EXERCISE GOAL
Below is a block of entries; repeat exactly the lines starting at the line that contains "have [d1 [d10 H1]] := cF x _ e2." and ending at the line that contains "by rewrite !mxE", both included.

Collected data
Lemma dotvv_eq0 v : (dotv v v == 0) = (v == 0).
Proof.
apply/idP/idP => [|/eqP->]; last by rewrite dotv0l.
rewrite dotvE psumr_eq0; last by move=> i _; exact: sqr_ge0.
move/allP => H; apply/eqP/matrixP => i j; rewrite (ord1 j) mxE.
by have := H i (mem_index_enum _); rewrite /= mulf_eq0 orbb => /eqP.
Qed.

Lemma enorm_ge0 v : 0 <= enorm v.
Proof. exact: sqrtr_ge0. Qed.

Lemma enorm_sqr v : enorm v ^+ 2 = dotv v v.
Proof. by rewrite sqr_sqrtr // dotvv_ge0. Qed.

Lemma enorm_eq0 v : (enorm v == 0) = (v == 0).
Proof. by rewrite /enorm sqrtr_eq0 le_eqVlt ltNge dotvv_ge0 orbF dotvv_eq0. Qed.

Lemma enorm0 : enorm (0 : vec) = 0.
Proof. by apply/eqP; rewrite enorm_eq0. Qed.

Lemma enorm_gt0 v : v != 0 -> 0 < enorm v.
Proof. by move=> v0; rewrite lt_neqAle enorm_ge0 eq_sym enorm_eq0 v0. Qed.

Lemma dotv_sqr_le u v : dotv u v ^+ 2 <= dotv u u * dotv v v.
Proof.
have [/eqP|uu] := eqVneq (dotv u u) 0.
  by rewrite dotvv_eq0 => /eqP ->; rewrite !dotv0l expr0n /= mul0r.
have upos : 0 < dotv u u by rewrite lt_neqAle eq_sym uu dotvv_ge0.
have := dotvv_ge0 (v - (dotv u v / dotv u u) *: u).
rewrite !dotvBl !dotvBr !dotvZl !dotvZr (dotvC v u).
set a := dotv u u; set b := dotv u v; set c := dotv v v => H.
have := mulr_ge0 (ltW upos) H.
suff -> : a * (c - b / a * b - (b / a * b - b / a * (b / a * a))) = a * c - b ^+ 2.
  by rewrite subr_ge0.
by field; rewrite /a gt_eqF.
Qed.

Lemma normr_dotv_le u v : `|dotv u v| <= enorm u * enorm v.
Proof.
rewrite -(@ler_pXn2r _ 2) // ?nnegrE ?mulr_ge0 ?enorm_ge0 //.
by rewrite real_normK ?num_real // exprMn !enorm_sqr dotv_sqr_le.
Qed.

Lemma dotv_le u v : dotv u v <= enorm u * enorm v.
Proof. exact: le_trans (ler_norm _) (normr_dotv_le u v). Qed.

Lemma enormD u v : enorm (u + v) <= enorm u + enorm v.
Proof.
rewrite -(@ler_pXn2r _ 2) // ?nnegrE ?addr_ge0 ?enorm_ge0 //.
rewrite enorm_sqr dotvDl !dotvDr sqrrD !enorm_sqr (dotvC v u).
have := dotv_le u v; lra.
Qed.

Lemma enormZ a v : enorm (a *: v) = `|a| * enorm v.
Proof.
by rewrite /enorm dotvZl dotvZr mulrA -expr2 sqrtrM ?sqr_ge0 // sqrtr_sqr.
Qed.

Lemma enormN v : enorm (- v) = enorm v.
Proof. by rewrite -scaleN1r enormZ normrN normr1 mul1r. Qed.

Lemma enormBC u v : enorm (u - v) = enorm (v - u).
Proof. by rewrite -enormN opprB. Qed.

Lemma enormB u v : enorm (u - v) <= enorm u + enorm v.
Proof. by have := enormD u (- v); rewrite enormN. Qed.

Lemma lerB_enorm u v : enorm u - enorm v <= enorm (u - v).
Proof. by have := enormD (u - v) v; rewrite subrK lerBlDr. Qed.

Lemma enorm_normalize v : v != 0 -> enorm ((enorm v)^-1 *: v) = 1.
Proof.
move=> v0; have e0 := enorm_gt0 v0.
by rewrite enormZ ger0_norm ?invr_ge0 ?ltW // mulVf // gt_eqF.
Qed.

Lemma normr_coord_le v i : `|v i 0| <= enorm v.
Proof.
rewrite -(@ler_pXn2r _ 2) // ?nnegrE ?enorm_ge0 //.
rewrite enorm_sqr dotvE real_normK ?num_real // (bigD1 i) //= lerDl.
by apply: sumr_ge0 => j _; exact: sqr_ge0.
Qed.

Lemma enorm_le_sum v : enorm v <= \sum_i `|v i 0|.
Proof.
rewrite -(@ler_pXn2r _ 2) // ?nnegrE ?enorm_ge0 ?sumr_ge0 //.
rewrite enorm_sqr dotvE expr2 mulr_suml; apply: ler_sum => i _.
rewrite mulr_sumr (bigD1 i) //= -normrM.
by rewrite ler_wpDr ?sumr_ge0 // ?real_ler_norm ?num_real.
Qed.

Lemma vec_dim0 : n = 0%N -> forall v, v = 0.
Proof. by move=> n0 v; apply/matrixP => i; have := ltn_ord i; rewrite {2}n0. Qed.

Lemma exists_vec_neq0 : (0 < n)%N -> exists v : vec, v != 0.
Proof.
move=> np; exists (delta_mx (Ordinal np) 0); apply/eqP.
by move/matrixP => /(_ (Ordinal np) 0); rewrite !mxE !eqxx => /eqP; rewrite oner_eq0.
Qed.

Definition mnorm (A : 'M[R]_n) : R := \sum_i \sum_j `|A i j|.

Lemma mnorm_ge0 A : 0 <= mnorm A.
Proof. by apply: sumr_ge0 => i _; apply: sumr_ge0. Qed.

Lemma enorm_mulmx_le (A : 'M[R]_n) v : enorm (A *m v) <= mnorm A * enorm v.
Proof.
apply: le_trans (enorm_le_sum _) _.
rewrite /mnorm mulr_suml; apply: ler_sum => i _.
rewrite mxE mulr_suml; apply: le_trans (ler_norm_sum _ _ _) _.
apply: ler_sum => j _; rewrite normrM; apply: ler_wpM2l => //.
exact: normr_coord_le.
Qed.

End Euclidean.

Section Continuity.
Variables (R : realType) (n : nat).
Notation vec := 'cV[R]_n.
Implicit Types (u v w : vec) (F G : vec -> R).

Definition econtinuous F := forall x eps, 0 < eps -> exists delta, 0 < delta /\
  forall y, enorm (y - x) < delta -> `|F y - F x| < eps.

Lemma econtinuous_rV F : econtinuous F -> continuous (fun w : 'rV[R]_n => F w^T).
Proof.
move=> cF w0; apply/(@cvgrPdist_lt _ _ _ (nbhs w0) (nbhs_filter w0)) => e e0.
have [d [d0 Hd]] := cF (w0^T) e e0.
have dn : 0 < d / n.+1%:R by rewrite divr_gt0.
near=> w; rewrite distrC; apply: Hd.
apply: le_lt_trans (enorm_le_sum _) _.
have : ball w0 (d / n.+1%:R) w by near: w; exact: (@near_ball _ _ w0 _ dn).
case=> _ H.
apply: (@le_lt_trans _ _ (\sum_(i < n) d / n.+1%:R)).
  apply: ler_sum => i _; rewrite !mxE; have := H ord0 i.
  by rewrite /ball /= distrC => /ltW.
rewrite sumr_const card_ord -[_ *+ n]mulr_natr mulrAC ltr_pdivrMr ?ltr0Sn //.
by rewrite ltr_pM2l // ltr_nat.
Unshelve. all: by end_near.
Qed.

Lemma econtinuous_enormB c : econtinuous (fun v => enorm (v - c)).
Proof.
move=> x e e0; exists e; split => // y Hy.
have H1 := lerB_enorm (y - c) (x - c); have H2 := lerB_enorm (x - c) (y - c).
have E : forall a b : vec, a - c - (b - c) = a - b by move=> a b; rewrite opprB addrA subrK.
rewrite E in H1; rewrite E enormBC in H2.
rewrite ltr_norml; apply/andP; split; lra.
Qed.

Lemma econtinuousD_scale F G (c : R) :
  econtinuous F -> econtinuous G -> econtinuous (fun y => F y + c * G y).
Proof.
move=> cF cG x e e0.
have e2 : 0 < e / 2 by rewrite divr_gt0.
have c1 : 0 < `|c| + 1 by rewrite ltr_pwDr.
have [d1 [d10 H1]] := cF x _ e2.
have [d2 [d20 H2]] := cG x _ (divr_gt0 e2 c1).
exists (Num.min d1 d2); split; first by rewrite lt_min d10 d20.
move=> y; rewrite lt_min => /andP[/H1 h1 /H2 h2].
have -> : F y + c * G y - (F x + c * G x) = (F y - F x) + c * (G y - G x) by ring.
apply: le_lt_trans (ler_normD _ _) _; rewrite normrM.
have : (`|c| + 1) * `|G y - G x| < e / 2 by rewrite mulrC -ltr_pdivlMr.
have := normr_ge0 (G y - G x); nra.
Qed.

Lemma econtinuous_locally_lipschitz F :
  (forall x, exists K, forall y, enorm (y - x) < 1 -> `|F y - F x| <= K * enorm (y - x)) ->
  econtinuous F.
Proof.
move=> H x e e0; have [K HK] := H x.
have K0 : 0 < `|K| + 1 by rewrite ltr_pwDr.
exists (Num.min 1 (e / (`|K| + 1))); split; first by rewrite lt_min ltr01 divr_gt0.
move=> y; rewrite lt_min => /andP[/HK y1 ye]; apply: le_lt_trans y1 _.
rewrite ltr_pdivlMr // mulrC in ye; apply: le_lt_trans ye.
by apply: ler_wpM2r; [exact: enorm_ge0 | rewrite ler_wpDr // ler_norm].
Qed.

Lemma econtinuous_min_annulus F c r rho : econtinuous F ->
  (exists v, r <= enorm (v - c) <= rho) ->
  exists2 d, r <= enorm (d - c) <= rho &
    forall e, r <= enorm (e - c) <= rho -> F d <= F e.
Proof.
move=> cF [v0 Hv0].
pose A := [set w : 'rV[R]_n | r <= enorm (w^T - c) <= rho].
have cN := econtinuous_rV (econtinuous_enormB c).
have Acl : closed A.
  have -> : A = (fun w : 'rV[R]_n => enorm (w^T - c)) @^-1` [set x | r <= x] `&`
                (fun w : 'rV[R]_n => enorm (w^T - c)) @^-1` [set x | x <= rho].
    by apply/seteqP; split => w /=; [move/andP | move=> [? ?]; apply/andP].
  by apply: closedI; apply: closed_comp; [move=> w _; exact: cN | exact: closed_ge
                                         | move=> w _; exact: cN | exact: closed_le].
have Bco : compact [set w : 'rV[R]_n | forall i,
     `[c i 0 - rho, c i 0 + rho]%classic (w ord0 i)].
  by apply: (@rV_compact _ _ (fun i => `[c i 0 - rho, c i 0 + rho]%classic)) => i;
     exact: segment_compact.
have cA : compact A.
  apply: subclosed_compact Acl Bco _ => w /andP[_ Hw] i /=.
  have := le_trans (normr_coord_le (w^T - c) i) Hw.
  by rewrite !mxE ler_norml in_itv /= => /andP[H1 H2]; apply/andP; split; lra.
have A0 : A !=set0 by exists v0^T; rewrite /A /= trmxK.
have [d dA Hd] := compact_EVT_min A0 cA (continuous_subspaceT (econtinuous_rV cF)).
move: dA; rewrite inE => dA.
exists d^T => // e He; have := Hd e^T; rewrite trmxK; apply.
by rewrite inE /A /= trmxK.
Qed.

TASK SOLUTION
have [d1 [d10 H1]] := cF x _ e2.
have [d2 [d20 H2]] := cG x _ (divr_gt0 e2 c1).
exists (Num.min d1 d2); split; first by rewrite lt_min d10 d20.
move=> y; rewrite lt_min => /andP[/H1 h1 /H2 h2].
have -> : F y + c * G y - (F x + c * G x) = (F y - F x) + c * (G y - G x) by ring.
apply: le_lt_trans (ler_normD _ _) _; rewrite normrM.
have : (`|c| + 1) * `|G y - G x| < e / 2 by rewrite mulrC -ltr_pdivlMr.
have := normr_ge0 (G y - G x); nra.
Qed.

Lemma econtinuous_locally_lipschitz F :
  (forall x, exists K, forall y, enorm (y - x) < 1 -> `|F y - F x| <= K * enorm (y - x)) ->
  econtinuous F.
Proof.
move=> H x e e0; have [K HK] := H x.
have K0 : 0 < `|K| + 1 by rewrite ltr_pwDr.
exists (Num.min 1 (e / (`|K| + 1))); split; first by rewrite lt_min ltr01 divr_gt0.
move=> y; rewrite lt_min => /andP[/HK y1 ye]; apply: le_lt_trans y1 _.
rewrite ltr_pdivlMr // mulrC in ye; apply: le_lt_trans ye.
by apply: ler_wpM2r; [exact: enorm_ge0 | rewrite ler_wpDr // ler_norm].
Qed.

Lemma econtinuous_min_annulus F c r rho : econtinuous F ->
  (exists v, r <= enorm (v - c) <= rho) ->
  exists2 d, r <= enorm (d - c) <= rho &
    forall e, r <= enorm (e - c) <= rho -> F d <= F e.
Proof.
move=> cF [v0 Hv0].
pose A := [set w : 'rV[R]_n | r <= enorm (w^T - c) <= rho].
have cN := econtinuous_rV (econtinuous_enormB c).
have Acl : closed A.
  have -> : A = (fun w : 'rV[R]_n => enorm (w^T - c)) @^-1` [set x | r <= x] `&`
                (fun w : 'rV[R]_n => enorm (w^T - c)) @^-1` [set x | x <= rho].
    by apply/seteqP; split => w /=; [move/andP | move=> [? ?]; apply/andP].
  by apply: closedI; apply: closed_comp; [move=> w _; exact: cN | exact: closed_ge
                                         | move=> w _; exact: cN | exact: closed_le].
have Bco : compact [set w : 'rV[R]_n | forall i,
     `[c i 0 - rho, c i 0 + rho]%classic (w ord0 i)].
  by apply: (@rV_compact _ _ (fun i => `[c i 0 - rho, c i 0 + rho]%classic)) => i;
     exact: segment_compact.
have cA : compact A.
  apply: subclosed_compact Acl Bco _ => w /andP[_ Hw] i /=.
  have := le_trans (normr_coord_le (w^T - c) i) Hw.
  by rewrite !mxE ler_norml in_itv /= => /andP[H1 H2]; apply/andP; split; lra.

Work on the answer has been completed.